Wednesday, 26 January 2011

My little 'guilty' TV pleasure

I'm not an avid TV watcher - can't be bothered with any soaps, 'talent' shows or cookery/ gardening/fashion programmes. 'Big Bro' is out, as are comedy series (the latter with one or two British exceptions - okay, in recent times Ricky Gervais and Steve Coogan). Animal programmes too are to be avoided as I can't bear to see them suffering, even in a natural environment, or being used as entertainment. I tend to gravitate towards arty-farty factual programmes, some science (partic. Astronomy), and political issues and discussions.
However there is one type of show which doesn't fit into any of the above categories which I do enjoy, and which seems a bit at odds with the rest of my tastes. These are real-life cop shows, where we follow them chasing speeders and drunken drivers, arresting burglars, breaking into drug-suspects' houses, breaking up drunken brawls, nabbing the occasional flasher etc. I experience quite a dose of schadenfreude on seeing miscreants caught, arrested and being told of their subsequent fines/imprisonment. Don't know why this should be as I'm not an especial fan of the police, with my deeply ingrained memories of how so many of them used to be prejudiced and corrupt, though that seems to be nowhere near as bad now as it was in the past. I really do applaud their apprehension of genuine wrong-doers. (And, as a bonus, some of them look so attractively macho in their uniforms!) My watching of these programmes is not quite an addiction but it does round off my evening with a glow of satisfaction knowing that at least some unsociable acts are being stamped on. Maybe it helps me feel safer and, consequently, think that I may sleep better.

Monday, 17 January 2011

My 1,500th book

It's been said that a keen reader will get through around 2,000 books in an average lifetime. Well, I lost a bit of time in being 24 before the reading bug really bit me. Now, as I'm about to reach a landmark number (excluding around 250 re-reads) I'm wondering if I will ever reach the 2K figure, but no matter. (By the way, I reckon that only about 100 of the total to date have been non-fiction).
So what's this particular next one going to be? Well, a book which not that many will have heard of - Elizabeth Gaskell's 'Wives and Daughters' dating from the 1860s. It's her last and unfinished novel, but still runs to 600+ pages. I hadn't read any Mrs Gaskell until a few years ago when I started with 'North and South' and followed it with 'Mary Barton', both very readable, and, like her contemporary, Dickens, very much creations concerning the social mores of their time.
The book I only finished just this morning was Garrison Keillor's quite entertaining 'Lake Wobegone Days'. (We can hear back-editions of 'Prairie Home Companion' on one of our digital radio channels, which I do occasionally listen to.)
After I've read the Gaskell, next on the list will be my (at least) 6th reading of Tolstoy's 'Anna Karenina' - in a different translation from my previous encounters with this masterpiece, so maybe it ought to be counted as a 'first read'! ' Expert' opnion is that 'Karenina' is superior to 'War and Peace'. That may well be so but it's actually the latter which for me is unparalleled in Western literature for sheer awesome range of imagination. Microcosm and macrocosm as never before or since in a single novel. But 'Karenina' (and 'Resurrection', especially) would be extraordinary works anyway in the canon of anyone who hadn't also written 'W & P'.

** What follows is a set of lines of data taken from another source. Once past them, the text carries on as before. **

(* Exact transversals are independent vertex covers and I covers every edge, so
   sigma(T) <= |I| <= tau_ind(T) = sigma(T).  If a leaf x lies in I, deleting its
   pendant edge leaves I \ {x} independent and covering all remaining edges, so
   sigma drops.  Otherwise every vertex of I has degree at least 2, and no edge uv
   with u in I is critical: for J independent in T \ uv, at least 2|I \ J| - 1 arcs
   leave I \ J; those ending in J are distinct edges of the forest induced on
   (I \ J) ∪ (J \ I), hence fewer than |I \ J| + |J \ I|, and the others are
   distinct edges missing J.  Thus |I| <= |J| + |(T \ uv) - J|. *)

Lemma bigminn_le_cond (I : finType) (P : pred I) (F : I -> nat) d i :
  P i -> \big[minn/d]_(j | P j) F j <= F i.
Proof.
move=> Pi; suff : forall r, i \in r -> \big[minn/d]_(j <- r | P j) F j <= F i.
  by apply; rewrite mem_index_enum.
elim=> // x r IH; rewrite inE big_cons => /orP [/eqP <-|ir].
  by rewrite Pi geq_minl.
by case: (P x); rewrite ?geq_min IH ?orbT.
Qed.

Lemma le_bigminn (I : finType) (P : pred I) (F : I -> nat) d k :
  k <= d -> (forall j, P j -> k <= F j) -> k <= \big[minn/d]_(j | P j) F j.
Proof. by move=> kd kF; elim/big_ind: _ => // a b ka kb; rewrite leq_min ka kb. Qed.

Lemma disjoint_pair (T : finType) (a b : T) (A : {set T}) :
  [disjoint [set a; b] & A] = (a \notin A) && (b \notin A).
Proof.
rewrite disjoints_subset; apply/subsetP/andP => [H | [aA bA] x].
  by split; rewrite -in_setC H // !inE eqxx ?orbT.
by rewrite !inE => /orP [] /eqP ->; rewrite ?aA ?bA.
Qed.

Section Crosscut.
Variables (V : finType) (g : rel V).

Lemma edgesP (A : {set V}) :
  reflect (exists a b, g a b /\ A = [set a; b]) (A \in edges g).
Proof.
rewrite inE; apply: (iffP existsP) => [[a /existsP [b /andP [gab /eqP ->]]] | [a [b [gab ->]]]].
  by exists a, b.
by exists a; apply/existsP; exists b; rewrite gab eqxx.
Qed.

Lemma edge_pair a b : g a b -> [set a; b] \in edges g.
Proof. by move=> gab; apply/edgesP; exists a, b. Qed.

Lemma independentP (I : {set V}) :
  reflect {in I &, forall a b, ~~ g a b} (independent g I).
Proof.
apply: (iffP forall_inP) => [H a b aI | H a aI]; first exact: (forall_inP (H a aI)).
by apply/forall_inP => b; apply: H.
Qed.

Lemma independent0 : independent g set0.
Proof. by apply/independentP => a b; rewrite inE. Qed.

Lemma coversP (I : {set V}) :
  reflect (forall a b, g a b -> (a \in I) || (b \in I))
          [forall A in edges g, ~~ [disjoint A & I]].
Proof.
apply: (iffP forall_inP) => [H a b gab | H A /edgesP [a [b [gab ->]]]].
  by move: (H [set a; b]); rewrite disjoint_pair negb_and !negbK; apply; apply/edgesP; exists a, b.
by rewrite disjoint_pair negb_and !negbK; apply: H.
Qed.

Lemma ind_vertex_coverP (I : {set V}) :
  reflect ({in I &, forall a b, ~~ g a b} /\ forall a b, g a b -> (a \in I) || (b \in I))
          (ind_vertex_cover g I).
Proof.
by apply: (iffP andP) => [[/independentP ? /coversP ?] | [/independentP ? /coversP ?]].
Qed.

Lemma deg1P x : deg g x = 1 -> exists2 y, g x y & forall z, g x z -> z = y.
Proof.
move=> /eqP /cards1P [y xN]; exists y => [|z]; first by have := set11 y; rewrite -xN inE.
by move=> gxz; apply/set1P; rewrite -xN inE.
Qed.

Lemma connected_deg_gt0 u v a :
  connected g -> g u v -> 0 < deg g a.
Proof.
move=> g_conn guv; rewrite /deg card_gt0; apply/set0Pn.
have [-> | au] := eqVneq a u; first by exists v; rewrite inE.
have /connectP [[|c p] /= ap au'] := g_conn a u; first by rewrite au' eqxx in au.
by exists c; rewrite inE; case/andP: ap.
Qed.

Lemma nedges_outside0 : nedges_outside g set0 = nedges g.
Proof. by apply: eq_card => A; rewrite inE -setI_eq0 setI0 eqxx andbT. Qed.

Lemma nedges_outside_cover (I : {set V}) :
  (forall a b, g a b -> (a \in I) || (b \in I)) -> nedges_outside g I = 0.
Proof.
move=> Icov; apply: eq_card0 => A; rewrite inE.
by apply/andP => -[/edgesP [a [b [gab ->]]]]; rewrite disjoint_pair -negb_or Icov.
Qed.

Lemma sigma_le (I : {set V}) :
  independent g I -> sigma g <= #|I| + nedges_outside g I.
Proof. exact: bigminn_le_cond. Qed.

Lemma le_sigma k :
  (forall J, independent g J -> k <= #|J| + nedges_outside g J) -> k <= sigma g.
Proof.
move=> kJ; apply: le_bigminn => //.
by have := kJ _ independent0; rewrite cards0 nedges_outside0.
Qed.

Lemma sigma_le_cover (I : {set V}) : ind_vertex_cover g I -> sigma g <= #|I|.
Proof.
move=> /ind_vertex_coverP [Iind Icov].
by rewrite -[#|I|]addn0 -(nedges_outside_cover Icov) sigma_le //; apply/independentP.
Qed.

Hypothesis g_irr : irreflexive g.

Lemma exact_transversal_cover (S : {set V}) :
  exact_transversal g S -> ind_vertex_cover g S.
Proof.
move=> /forall_inP St; apply/ind_vertex_coverP; split => [a b aS bS | a b gab].
  apply/negP => gab; have /eqP := St _ (edge_pair gab).
  suff -> : S :&: [set a; b] = [set a; b].
    by rewrite cards2; case: eqVneq gab => // ->; rewrite g_irr.
  by apply/setIidPr/subsetP => x; rewrite !inE => /orP [] /eqP ->.
have : 0 < #|S :&: [set a; b]| by rewrite (eqP (St _ (edge_pair gab))).
by rewrite card_gt0 => /set0Pn [x]; rewrite !inE => /andP [xS /orP [] /eqP <-]; rewrite xS ?orbT.
Qed.

Lemma min_ind_vertex_cover_le_tau_ind (I : {set V}) :
  min_ind_vertex_cover g I -> #|I| <= tau_ind g.
Proof.
move=> [_ Imin]; apply: le_bigminn => [|S /exact_transversal_cover]; last exact: Imin.
exact: max_card.
Qed.

Lemma sigma_min_ind_vertex_cover (I : {set V}) :
  sigma g = tau_ind g -> min_ind_vertex_cover g I -> sigma g = #|I|.
Proof.
move=> sigma_tau Imin; apply/eqP; rewrite eqn_leq sigma_le_cover; last exact: Imin.1.
by rewrite sigma_tau min_ind_vertex_cover_le_tau_ind.
Qed.

End Crosscut.

Section DeleteEdge.
Variables (V : finType) (g : rel V).
Hypotheses (g_sym : symmetric g) (g_irr : irreflexive g) (g_acyc : acyclic g).

Lemma del_edge_sub A : subrel (del_edge g A) g.
Proof. by move=> x y /andP []. Qed.

Lemma del_edge_sym A : symmetric (del_edge g A).
Proof. by move=> x y; rewrite /del_edge g_sym setUC. Qed.

Lemma del_edge_irr A : irreflexive (del_edge g A).
Proof. by move=> x; rewrite /del_edge g_irr. Qed.

Lemma del_edge_acyclic A : acyclic (del_edge g A).
Proof. by move=> c uc /(sub_cycle (@del_edge_sub A)); apply: g_acyc. Qed.

Lemma sigma_del_pendant_edge (I : {set V}) x y :
  ind_vertex_cover g I -> x \in I -> deg g x = 1 -> g x y ->
  sigma (del_edge g [set x; y]) + 1 <= #|I|.
Proof.
move=> /ind_vertex_coverP [Iind Icov] xI /deg1P [y' _ xN] gxy.
have yy' := xN y gxy; subst y'.
set F := del_edge g [set x; y].
have Find : independent F (I :\ x).
  apply/independentP => a b /setD1P [_ aI] /setD1P [_ bI].
  exact: contra (@del_edge_sub _ a b) (Iind a b aI bI).
have Fcov : forall a b, F a b -> (a \in I :\ x) || (b \in I :\ x).
  move=> a b Fab; wlog aI : a b Fab / a \in I.
    move=> H; have /andP [/Icov /orP [aI | bI] _] := Fab; first exact: H.
    by rewrite orbC; apply: H bI; rewrite /F del_edge_sym.
  rewrite !inE aI andbT; apply/orP; left; apply: contraTneq Fab => ax.
  by rewrite /F /del_edge ax; case: (boolP (g x b)) => // /xN ->; rewrite eqxx.
have := sigma_le Find; rewrite (nedges_outside_cover Fcov) addn0.
by rewrite (cardsD1 x I) xI addn1 add1n ltnS.
Qed.

End DeleteEdge.

Definition induced_edges (V : finType) (h : rel V) (X : {set V}) : {set {set V}} :=
  [set E in edges h | E \subset X].

Lemma in_induced_edges (V : finType) (h : rel V) (X E : {set V}) :
  (E \in induced_edges h X) = (E \in edges h) && (E \subset X).
Proof. by rewrite [in LHS]inE. Qed.

Section Forest.
Variables (V : finType) (h : rel V).
Hypotheses (h_sym : symmetric h) (h_irr : irreflexive h) (h_acyc : acyclic h).

Lemma acyclic_fresh_neighbour x p w :
  uniq (x :: p) -> path h x p -> h x w -> w != head x p -> w \notin x :: p.
Proof.
move=> up pp hxw wne; rewrite in_cons negb_or; apply/andP; split.
  by apply: contraTneq hxw => ->; rewrite h_irr.
apply/negP => wp; case/splitPr: wp up pp wne => p1 p2 up pp wne.
case: p1 up pp wne => [|y p1] up pp wne; first by rewrite eqxx in wne.
have uc : uniq (x :: rcons (y :: p1) w).
  by move: up; rewrite -cat_rcons -cat_cons cat_uniq => /andP [].
have cc : cycle h (x :: rcons (y :: p1) w).
  rewrite /cycle rcons_path last_rcons (h_sym w x) hxw andbT rcons_path.
  by move: pp; rewrite cat_path => /andP [-> /=] /andP [].
by have := h_acyc uc cc; rewrite /= size_rcons.
Qed.

Lemma low_degree_vertex (X : {set V}) :
  X != set0 -> exists2 x, x \in X & #|[set y in X | h x y]| <= 1.
Proof.
move=> /set0Pn [x0 x0X]; apply/exists_inP; apply: contraT => /exists_inPn deg2.
have long_path n : exists x p, [/\ x \in X, uniq (x :: p), path h x p & n < size (x :: p)].
  elim: n => [|n [x [p [xX up pp szp]]]]; first by exists x0, [::].
  have [w /setIdP [wX hxw] wne] : exists2 w, w \in [set y in X | h x y] & w != head x p.
    apply/exists_inP; apply: contraR (deg2 x xX) => /exists_inPn N1.
    rewrite -(cards1 (head x p)); apply/subset_leq_card/subsetP => y /N1.
    by rewrite negbK inE.
  exists w, (x :: p); split => //; last by rewrite /= h_sym hxw.
  by rewrite cons_uniq up andbT acyclic_fresh_neighbour.
have [x [p [_ up _]]] := long_path #|V|.
by rewrite ltnNge -(card_uniqP up) max_card.
Qed.

Lemma induced_edges_setD1 (X : {set V}) x :
  induced_edges h X \subset
    induced_edges h (X :\ x) :|: (fun y => [set x; y]) @: [set y in X | h x y].
Proof.
apply/subsetP => E; rewrite in_setU !in_induced_edges.
move=> /andP [/[dup] Eh /edgesP [a [b [hab Eab]]] EX].
have [xE | xE] := boolP (x \in E); last first.
  rewrite Eh /=; apply/orP; left; apply/subsetP => z zE.
  by rewrite !inE (subsetP EX) // andbT; apply: contraNneq xE => <-.
apply/orP; right; apply/imsetP; move: xE; rewrite Eab !inE => /orP [] /eqP ->.
  by exists b; rewrite // !inE hab andbT (subsetP EX) // Eab !inE eqxx orbT.
by exists a; rewrite 1?setUC // !inE h_sym hab andbT (subsetP EX) // Eab !inE eqxx.
Qed.

Lemma card_induced_edges (X : {set V}) : #|induced_edges h X| <= #|X| - 1.
Proof.
move: {2}#|X| (leqnn #|X|) => n; elim: n X => [|n IH] X.
  rewrite leqn0 cards_eq0 => /eqP ->; rewrite cards0 leqn0 cards_eq0; apply/eqP/setP => E.
  rewrite in_induced_edges in_set0; apply/negbTE/andP => -[/edgesP [a [b [_ ->]]]].
  by move=> /subsetP /(_ a); rewrite !inE eqxx => /(_ isT).
have [-> _ | Xne szX] := eqVneq X set0; first by apply: IH; rewrite cards0.
have [x xX xdeg] := low_degree_vertex Xne.
have cX : #|X| = #|X :\ x| + 1 by rewrite (cardsD1 x X) xX addnC.
have /IH IHx : #|X :\ x| <= n by move: szX; rewrite cX addn1 ltnS.
set N := [set y in X | h x y] in xdeg *.
have xN : N \subset X :\ x.
  apply/subsetP => y; rewrite !inE => /andP [-> hxy]; rewrite andbT.
  by apply: contraTneq hxy => ->; rewrite h_irr.
have : #|induced_edges h X| <= #|induced_edges h (X :\ x)| + #|N|.
  apply: leq_trans (subset_leq_card (induced_edges_setD1 X x)) _.
  by apply: leq_trans (leq_card_setU _ _).1 _; rewrite leq_add2l leq_imset_card.
have := subset_leq_card xN; move: cX xdeg IHx; lia.
Qed.

End Forest.

Definition arcs (V : finType) (F : rel V) (A : {set V}) : {set V * V} :=
  [set p | (p.1 \in A) && F p.1 p.2].

Section ArcCounting.
Variables (V : finType) (F : rel V).

Lemma card_arcs (A : {set V}) : #|arcs F A| = \sum_(a in A) deg F a.
Proof.
rewrite -sum1_card; under [RHS]eq_bigr => a _ do rewrite /deg -sum1_card.
by rewrite pair_big_dep; apply: eq_bigl => -[a b]; rewrite !inE.
Qed.

Lemma card_arcs_le_edges (I : {set V}) (P : {set V * V}) (Q : pred {set V}) :
  (forall p, p \in P -> [/\ p.1 \in I, p.2 \notin I, F p.1 p.2 & Q [set p.1; p.2]]) ->
  #|P| <= #|[set E in edges F | Q E]|.
Proof.
move=> HP; rewrite -(card_in_imset (f := fun p => [set p.1; p.2])).
  apply/subset_leq_card/subsetP => _ /imsetP [p /HP [_ _ Fp Qp] ->].
  by rewrite inE Qp andbT edge_pair.
move=> [a b] [a' b'] /HP [/= aI bI _ _] /HP [/= a'I b'I _ _] e.
have : a \in [set a'; b'] by rewrite -e set21.
rewrite !inE => /orP [] /eqP aa'; last by move: b'I; rewrite -aa' aI.
have : b \in [set a'; b'] by rewrite -e set22.
by rewrite !inE -aa' => /orP [] /eqP bb'; [move: bI; rewrite bb' aI | rewrite aa' bb'].
Qed.

End ArcCounting.

Section ForestArcs.
Variables (V : finType) (F : rel V).
Hypotheses (F_sym : symmetric F) (F_irr : irreflexive F) (F_acyc : acyclic F).

Lemma sum_deg_setD_le (I J : {set V}) :
  independent F I ->
  \sum_(a in I :\: J) deg F a <= #|I :\: J| + #|J :\: I| - 1 + nedges_outside F J.
Proof.
move=> /independentP Iind.
have notI a b : a \in I -> F a b -> b \notin I.
  by move=> aI; apply: contraL => bI; apply: Iind.
set Jp := [set p : V * V | p.2 \in J].
have inJ : #|arcs F (I :\: J) :&: Jp| <= #|I :\: J| + #|J :\: I| - 1.
  have -> : #|I :\: J| + #|J :\: I| = #|(I :\: J) :|: (J :\: I)|.
    rewrite cardsU (_ : _ :&: _ = set0) ?cards0 ?subn0 //.
    by apply/setP => z; rewrite !inE; case: (z \in I); case: (z \in J).
  apply: leq_trans (card_induced_edges F_sym F_irr F_acyc _).
  apply: (card_arcs_le_edges (I := I)) => -[a b]; rewrite !inE /=.
  move=> /andP [/andP [/andP [aJ aI] Fab] bJ]; split; rewrite ?(notI a) //.
  by apply/subsetP => z; rewrite !inE => /orP [] /eqP ->; rewrite ?aJ ?aI ?bJ ?(notI a b) ?orbT.
have outJ : #|arcs F (I :\: J) :\: Jp| <= nedges_outside F J.
  apply: (card_arcs_le_edges (I := I) (Q := fun E => [disjoint E & J])) => -[a b].
  rewrite !inE /= disjoint_pair => /andP [bJ /andP [/andP [aJ aI] Fab]].
  by split; rewrite ?(notI a) ?aJ.
by rewrite -card_arcs -(cardsID Jp) leq_add.
Qed.

End ForestArcs.

Section LowerBound.
Variables (V : finType) (g : rel V).
Hypotheses (g_sym : symmetric g) (g_irr : irreflexive g) (g_acyc : acyclic g).

Lemma arcs_del_edge (A : {set V}) u v :
  v \notin A -> arcs g A \subset (u, v) |: arcs (del_edge g [set u; v]) A.
Proof.
move=> vA; apply/subsetP => -[a b]; rewrite !inE /= /del_edge => /andP [aA gab].
rewrite aA gab /=; have [e | _] := eqVneq [set a; b] [set u; v]; last by rewrite orbT.
rewrite orbC /=.
have : a \in [set u; v] by rewrite -e set21.
rewrite !inE => /orP [] /eqP au; last by rewrite -au aA in vA.
have : b \in [set u; v] by rewrite -e set22.
rewrite !inE -au => /orP [] /eqP bE; first by rewrite bE g_irr in gab.
by rewrite bE.
Qed.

Right, enough chatting - let's get started on 'Wives and Daughters'.


Oh, as an add-on to this blog, and on a completely different subject, must say I'm totally flummoxed by 'The Social Network' winning the Golden Globe for 'Best Picture'. Did those voting for it really hear the dialogue, because, as I've said before, for 3/4 of the film I couldn't make out a single mumbled word! The award is a total mystery to me - and I fear that my perplexity will probably return at Oscar time. (I'm certainly not complaining about Colin Firth and Annette Bening winning their categories.)

Friday, 7 January 2011

My dynamic duo (again)

How rude!


Making his mind up.



Blackso and Noodles, usually so cagey towards each other (a sort of grudging tolerance) are rarely seen in such close proximity. But when it's feeding time such niceties come second.